--- Input ---

Lemma region_side_point_on_line (Lc : set pt) (z : pt) :
  side_line C Lc -> C z -> Lc z -> exists2 P, S P & fline P z = 0.
Proof.
move=> [al [be [c [ab_neq0 -> below _]]]] Cz /= Lz; apply: contrapT => none.
have pos P : S P -> 0 < fline P x0 * fline P z.
  move=> SP; rewrite lt0r region_fline_sign // andbT mulf_neq0 //.
    by move/arr_complementP: x0S; apply.
  by apply/eqP => Pz; apply: none; exists P.
(* Otherwise a small step from [z] along the outer normal [(al, be)] stays in [C]. *)
pose zt (t : R) := (z.1 + t * al, z.2 + t * be).
have [e e_gt0 Fe] : exists2 e : R, 0 < e &
    forall i t, 0 < t -> t <= e -> S (g i) -> 0 < fline (g i) x0 * fline (g i) (zt t).
  apply: finite_common_bound => i; have [Si|nSi] := pselect (S (g i)); last by exists 1.
  have [e e_gt0 near] := affine_pos_near0
    (fline (g i) x0 * ((g i).1 * al + (g i).2 * be)) (pos _ Si).
  exists e => // t t_gt0 te _; have := near t t_gt0 te.
  by congr (0 < _); rewrite /zt /fline /=; ring.
have Czt : C (zt e).
  apply: region_of_fline_signs => Q SQ; have [i _ gi] := S_fin SQ.
  by rewrite -gi in SQ *; exact: (Fe i e e_gt0 (lexx e) SQ).
have := below _ Czt; rewrite /zt /=.
have ab_gt0 : 0 < al * al + be * be.
  rewrite lt_neqAle addr_ge0 ?andbT -?expr2 ?sqr_ge0 // eq_sym paddr_eq0 ?sqr_ge0 //.
  by rewrite !sqrf_eq0; apply: contra_notN ab_neq0 => /andP[/eqP -> /eqP ->].
nra.
Qed.

Lemma region_side_lineP (Lc : set pt) (p q : pt) :
  side_line C Lc -> p <> q -> segment p q `<=` C `&` Lc -> exists2 P, S P & Lc = lineP P.
Proof.
(* Pigeonhole: [#|T|.+1] distinct points of the side each lie on a line of the
   arrangement. *)
move=> side pq seg; set K := #|T|.
pose tm (m : 'I_K.+1) : R := m%:R / K.+1%:R.
pose pt_at m := (p.1 + tm m * (q.1 - p.1), p.2 + tm m * (q.2 - p.2)).
have on_seg m : segment p q (pt_at m).
  exists (tm m); split=> //; first by rewrite divr_ge0.
  by rewrite ler_pdivrMr ?ltr0Sn // mul1r ler_nat ltnW.
have on_line m : exists i, S (g i) /\ fline (g i) (pt_at m) = 0.
  have [Cm Lm] := seg _ (on_seg m).
  have [P SP Pm] := region_side_point_on_line side Cm Lm.
  by have [i _ gi] := S_fin SP; exists i; rewrite gi.
have [phi phiP] := choice on_line.
have /injectivePn [m1 [m2 m12 phi12]] : ~~ injectiveb phi.
  by apply/injectiveP => /leq_card; rewrite card_ord ltnn.
have [SP1 f1] := phiP m1; have [_ f2] := phiP m2; rewrite -phi12 in f2.
have tm_inj : injective tm.
  move=> m m' /(congr1 ( *%R^~ K.+1%:R)); rewrite !divfK ?pnatr_eq0 //.
  by move/eqP; rewrite eqr_nat => /eqP; exact: val_inj.
have pts_neq : pt_at m1 <> pt_at m2.
  move=> [e1 e2]; move/negP: m12; apply; apply/eqP/tm_inj/eqP; rewrite -subr_eq0.
  apply: contra_notT pq => t_neq.
  have d1 : (tm m1 - tm m2) * (q.1 - p.1) = 0 by rewrite mulrBl; lra.
  have d2 : (tm m1 - tm m2) * (q.2 - p.2) = 0 by rewrite mulrBl; lra.
  move/eqP: d1 d2; rewrite mulf_eq0 (negbTE t_neq) subr_eq0 => /eqP e1' /eqP.
  rewrite mulf_eq0 (negbTE t_neq) subr_eq0 => /eqP e2'.
  by rewrite [q]surjective_pairing e1' e2' -surjective_pairing.
case: side => al [be [c [ab_neq0 Lc_eq _ _]]].
exists (g (phi m1)) => //; rewrite Lc_eq; apply: (line_eq_lineP ab_neq0 _ _ f1 f2 pts_neq).
- by have [_] := seg _ (on_seg m1); rewrite Lc_eq.
- by have [_] := seg _ (on_seg m2); rewrite Lc_eq.
Qed.

End FiniteArrangement.

End Region.

Section ClockwiseRegion.
Variables (R : realType) (S : set (R * R)) (T : finType) (g : T -> R * R) (x0 : R * R).
Hypotheses (S_fin : S `<=` range g) (x0S : arr_complement S x0).
Local Notation pt := (R * R)%type.
Local Notation C := (closure (connected_component (arr_complement S) x0)).
Variables (n : nat) (L : 'I_n -> set pt) (v : 'I_n -> pt).
Hypothesis sides : clockwise_sides C L v.

Let on_side k (t : R) : 0 <= t <= 1 ->
  (C `&` L k) ((v k).1 + t * ((v (ordS k)).1 - (v k).1),
               (v k).2 + t * ((v (ordS k)).2 - (v k).2)).
Proof. by case: sides => _ _ _ seg _ /andP[t0 t1]; rewrite seg; exists t. Qed.

Let vertices_on_side k : [/\ C (v k), C (v (ordS k)), L k (v k) & L k (v (ordS k))].
Proof.
have [Cl Ll] := on_side k (t := 0) ltac:(by rewrite lexx ler01).
have [Cr Lr] := on_side k (t := 1) ltac:(by rewrite lexx ler01).
move: Cl Ll Cr Lr; rewrite !mul0r !addr0 !mul1r !subrKC -!surjective_pairing.
by split.
Qed.

Lemma clockwise_side_line k : exists P, [/\ S P, L k = lineP P, fline P (v k) = 0,
  fline P (v (ordS k)) = 0 & forall q, C q -> 0 <= lr_sign (side_of_O v k) * fline P q].
Proof.
have [_ side_lines v_neq seg cw] := sides.
have side : side_line C (L k) by apply/side_lines; exists k.
have sub : segment (v k) (v (ordS k)) `<=` C `&` L k by rewrite seg.
have [P SP LP] := region_side_lineP x0S S_fin side (v_neq k) sub.
have [_ _ f0 f1] := vertices_on_side k; rewrite LP in f0 f1.
move/linePE: f0 => f0; move/linePE: f1 => f1.
by exists P; split=> //; exact: (side_of_O_fline_ge0 f0 f1 (v_neq k) (cw k)).
Qed.

Lemma consecutive_side_lines_neq0 k (P P' : pt) :
  L k = lineP P -> L (ordS k) = lineP P' ->
  fline P' (v k) != 0 /\ fline P (v (ordS (ordS k))) != 0.
Proof.
have [L_inj _ v_neq _ _] := sides => LP LP'.
have [_ _ P0 P1] := vertices_on_side k; rewrite LP in P0 P1.
have [_ _ P'1 P'2] := vertices_on_side (ordS k); rewrite LP' in P'1 P'2.
move/linePE: P0 => P0; move/linePE: P1 => P1.
move/linePE: P'1 => P'1; move/linePE: P'2 => P'2.
have PP' : P <> P'.
  move=> eP; have /L_inj e : L k = L (ordS k) by rewrite LP LP' eP.
  by apply: (v_neq k); rewrite -e.
split; apply/eqP => f0; apply: PP'.
- exact: eq_of_common_zeros P0 P1 f0 P'1 (v_neq k).
- exact: eq_of_common_zeros P1 f0 P'1 P'2 (v_neq (ordS k)).
Qed.

Lemma clockwise_vertex k : C (v k).
Proof. by have [] := vertices_on_side k. Qed.

End ClockwiseRegion.

Section LatticeRegion.
Variable R : realType.
Local Notation pt := (R * R)%type.

Lemma rect_lattice_grid (S : set pt) : rect_lattice S ->
  exists (a b dx dy : R) (N M : nat), [/\ 0 < dx, 0 < dy &
    S = [set G | (on_grid a dx N G.1 /\ on_grid b dy M G.2) /\ G <> origin R]].
Proof.
case=> a [b [dx [dy [N [M [_ dx_gt0 dy_gt0 _ ->]]]]]].
exists a, b, dx, dy, N, M; split=> //; apply/seteqP; split=> G /= [SG GO]; split=> //.
- by case: SG => i [j [iN jM ->]]; split; [exists i | exists j].
- case: SG => [[i iN Gi] [j jM Gj]]; exists i, j; split=> //.
  by rewrite [G]surjective_pairing Gi Gj.
Qed.

Variables (a b dx dy : R) (N M : nat).
Local Notation grid G := (on_grid a dx N G.1 /\ on_grid b dy M G.2).

Lemma grid_finite : [set G : pt | grid G] `<=`
  range (fun ij : 'I_N.+1 * 'I_M.+1 => (a + ij.1%:R * dx, b + ij.2%:R * dy)).
Proof.
move=> G [[i iN Gi] [j jM Gj]].
exists (Ordinal (iN : (i < N.+1)%N), Ordinal (jM : (j < M.+1)%N)) => //.
by rewrite [G]surjective_pairing Gi Gj.
Qed.

Hypotheses (dx_gt0 : 0 < dx) (dy_gt0 : 0 < dy).
Variables (S : set pt) (x0 : pt).
Hypotheses (SE : S = [set G | grid G /\ G <> origin R]) (x0S : arr_complement S x0).
Local Notation C := (closure (connected_component (arr_complement S) x0)).
Variables (n : nat) (L : 'I_n -> set pt) (v : 'I_n -> pt).
Hypothesis sides : clockwise_sides C L v.

Let S_fin : S `<=` range (fun ij : 'I_N.+1 * 'I_M.+1 => (a + ij.1%:R * dx, b + ij.2%:R * dy)).
Proof. by rewrite SE => G [gG _]; apply: grid_finite. Qed.

Let signed_prod_gt0 (s x y : R) : s * s = 1 ->
  0 <= s * x -> x != 0 -> 0 <= s * y -> y != 0 -> 0 < x * y.
Proof.
move=> ss sx x_neq0 sy y_neq0; rewrite -[x * y]mul1r -ss mulrACA.
have s0 : s != 0 by apply: contra_eqN ss => /eqP ->; rewrite mul0r eq_sym oner_eq0.
by apply: mulr_gt0; rewrite lt0r mulf_neq0.
Qed.

Let signed_prod_le0 (s x y : R) : s * s = 1 -> s * x <= 0 -> 0 <= s * y -> x * y <= 0.
Proof. by move=> ss sx sy; rewrite -[x * y]mul1r -ss mulrACA mulr_le0_ge0. Qed.

Lemma equal_three_sides_fline_ge0 k :
  side_of_O v k = side_of_O v (ordS k) -> side_of_O v (ordS k) = side_of_O v (ordS (ordS k)) ->
  forall Q, S Q -> 0 <= lr_sign (side_of_O v k) * fline Q x0.
Proof.
move=> e1 e2 Q SQ; rewrite leNgt; apply/negP => sQx0.
set s := lr_sign _ in sQx0; have ss : s * s = 1 by apply: lr_sign_sqr.
have [P1 [SP1 LP1 e10 e11 sP1]] := clockwise_side_line S_fin x0S sides k.
have [P2 [SP2 LP2 e21 e22 sP2]] := clockwise_side_line S_fin x0S sides (ordS k).
have [P3 [SP3 LP3 e32 e33 sP3]] := clockwise_side_line S_fin x0S sides (ordS (ordS k)).
rewrite -e1 -/s in sP2; rewrite -e2 -e1 -/s in sP3.
have [f20 f12] := consecutive_side_lines_neq0 sides LP1 LP2.
have [f31 f23] := consecutive_side_lines_neq0 sides LP2 LP3.
have Cv := clockwise_vertex sides.
have sQ q : C q -> s * fline Q q <= 0.
  move=> Cq; have := region_fline_sign x0S SQ Cq.
  rewrite -[_ * _]mul1r -ss mulrACA (nmulr_rge0 _ sQx0).
  by rewrite leNgt; apply: contraNN.
have gS G : S G -> grid G by rewrite SE => -[].
apply: (grid_three_lines_contra dx_gt0 dy_gt0 (gS _ SP1) (gS _ SP2) (gS _ SP3) (gS _ SQ)
  e10 e11 e21 e22 e32 e33).
- exact: signed_prod_gt0 ss (sP3 _ (Cv _)) f31 (sP1 _ (Cv _)) f12.
- exact: signed_prod_gt0 ss (sP2 _ (Cv _)) f20 (sP1 _ (Cv _)) f12.
- exact: signed_prod_gt0 ss (sP3 _ (Cv _)) f31 (sP2 _ (Cv _)) f23.
- move=> G gG; have [->|GO] := eqVneq G (origin R).
    by rewrite !fline_originl mulrNN mulr1; split.
  have SG : S G by rewrite SE; split=> //; apply/eqP.
  by split; apply: (region_fline_sign2 x0S SG); apply: Cv.
- exact: signed_prod_le0 ss (sQ _ (Cv _)) (sP2 _ (Cv _)).
- exact: signed_prod_le0 ss (sQ _ (Cv _)) (sP3 _ (Cv _)).
- exact: signed_prod_le0 ss (sQ _ (Cv _)) (sP1 _ (Cv _)).
Qed.

End LatticeRegion.

Unset Implicit Arguments.

Theorem lemma4p2 (R : realType) (S : set (R * R)%type) (D : set (R * R)%type) (n : nat)
    (L : 'I_n -> set (R * R)%type) (v : 'I_n -> (R * R)%type) :
  rect_lattice S -> is_region S D -> bounded_pt D -> ~ D (origin R) ->
  clockwise_sides D L v ->
  ~ (exists k : 'I_n, side_of_O v k = side_of_O v (ordS k) /\
                      side_of_O v (ordS k) = side_of_O v (ordS (ordS k))).
Proof.
move=> /rect_lattice_grid [a [b [dx [dy [N [M [dx_gt0 dy_gt0 SE]]]]]]] [x0 [x0S ->]].
move=> Dbd DO sides [k [e1 e2]].
have [Q SQ sQ] := region_separating_line x0S (side_of_O v k) Dbd DO.
have := equal_three_sides_fline_ge0 dx_gt0 dy_gt0 SE x0S sides e1 e2 SQ.
by rewrite leNgt sQ.
Qed.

---

> **Task**:
Could you state how many lines of the records contain "none"? Give the number and nothing else.

> **Written answer**:
2